**Exercise requirements**
Your task is to restate exactly the lines from the one holding "by exists (table_meet" to the end of the entries below, inclusive.

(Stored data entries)
Definition gen (n : nat) : T :=
  match n with
  | 0 => \bot
  | 1 => a `&` c b
  | 2 => a `&` c a
  | 3 => b `&` c b
  | 4 => (a `&` c a) `|` (b `&` c b)
  | 5 => a
  | 6 => c b
  | 7 => a `|` (b `&` c b)
  | 8 => c a `&` b
  | 9 => c b `|` (a `&` c a)
  | 10 => b `&` (c a `|` a)
  | 11 => a `|` c b
  | 12 => c a `&` (c b `|` b)
  | 13 => b
  | 14 => c a
  | 15 => (c a `|` a) `&` (c b `|` b)
  | 16 => c b `|` b
  | 17 => c a `|` a
  | 18 => c a `|` b
  | _ => \top
  end.

Lemma gen_compl i : (i < 20)%N -> c (gen i) = gen (19 - i).
Proof.
do 20 (case: i => [|i];
  first by rewrite /= ?(complI c_anti cK, complU c_anti cK, cK, compl0 c_anti cK,
                        compl1 c_anti cK)).
by [].
Qed.

Ltac gen_meet_case :=
  match goal with |- context [table_meet ?i ?j] =>
    let k := eval vm_compute in (table_meet i j) in
    change (table_meet i j) with k
  end;
  rewrite /=; apply: le_anti; apply/andP; split; first [lat_solve 0 | lat_hyp 1].

Lemma gen_meet i j : (i < 20)%N -> (j < 20)%N ->
  gen i `&` gen j = gen (table_meet i j).
Proof.
have ba := c_anti ab.
have sp2_ab := sp2_le c_anti cK sp2 ab.
have om_ab := sp_meet_join_le_dual c_anti cK sp1 sp2 ab.
have om_ba := sp_meet_join_le_dual c_anti cK sp1 sp2 ba; rewrite !cK in om_ba.
do 20 (case: i => [|i];
  [do 20 (case: j => [|j]; [move=> _ _; gen_meet_case |]); by [] |]).
by [].
Qed.

Lemma gen_join i j : (i < 20)%N -> (j < 20)%N ->
  gen i `|` gen j = gen (table_join i j).
Proof.
move=> i20 j20; have compl_lt k : (19 - k < 20)%N by rewrite ltnS leq_subr.
rewrite table_join_compl // -[LHS]cK complU // !gen_compl //.
by rewrite gen_meet ?compl_lt // gen_compl // table_meet_lt ?compl_lt.
Qed.

Definition gen_set (x : T) : Prop := exists2 i, (i < 20)%N & x = gen i.

Lemma gen_set_kleene : kleene_sublattice c gen_set.
Proof.
split; first by exists 0.
split; first by exists 19.
split.
  move=> _ _ [i i20 ->] [j j20 ->].
  by exists (table_meet i j); [exact: table_meet_lt | exact: gen_meet].
split.
  move=> _ _ [i i20 ->] [j j20 ->].
  by exists (table_join i j); [exact: table_join_lt | exact: gen_join].
split.
  move=> _ [i i20 ->].
  by exists (19 - i); [rewrite ltnS leq_subr | exact: gen_compl].
move=> _ _ _ [i i20 ->] [j j20 ->] [k k20 ->].
rewrite (gen_join j20 k20) (gen_meet i20 (table_join_lt j20 k20)).
rewrite (gen_meet i20 j20) (gen_meet i20 k20).
rewrite (gen_join (table_meet_lt i20 j20) (table_meet_lt i20 k20)).
by rewrite table_meet_joinr.
Qed.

**Written solution**
  by exists (table_meet i j); [exact: table_meet_lt | exact: gen_meet].
split.
  move=> _ _ [i i20 ->] [j j20 ->].
  by exists (table_join i j); [exact: table_join_lt | exact: gen_join].
split.
  move=> _ [i i20 ->].
  by exists (19 - i); [rewrite ltnS leq_subr | exact: gen_compl].
move=> _ _ _ [i i20 ->] [j j20 ->] [k k20 ->].
rewrite (gen_join j20 k20) (gen_meet i20 (table_join_lt j20 k20)).
rewrite (gen_meet i20 j20) (gen_meet i20 k20).
rewrite (gen_join (table_meet_lt i20 j20) (table_meet_lt i20 k20)).
by rewrite table_meet_joinr.
Qed.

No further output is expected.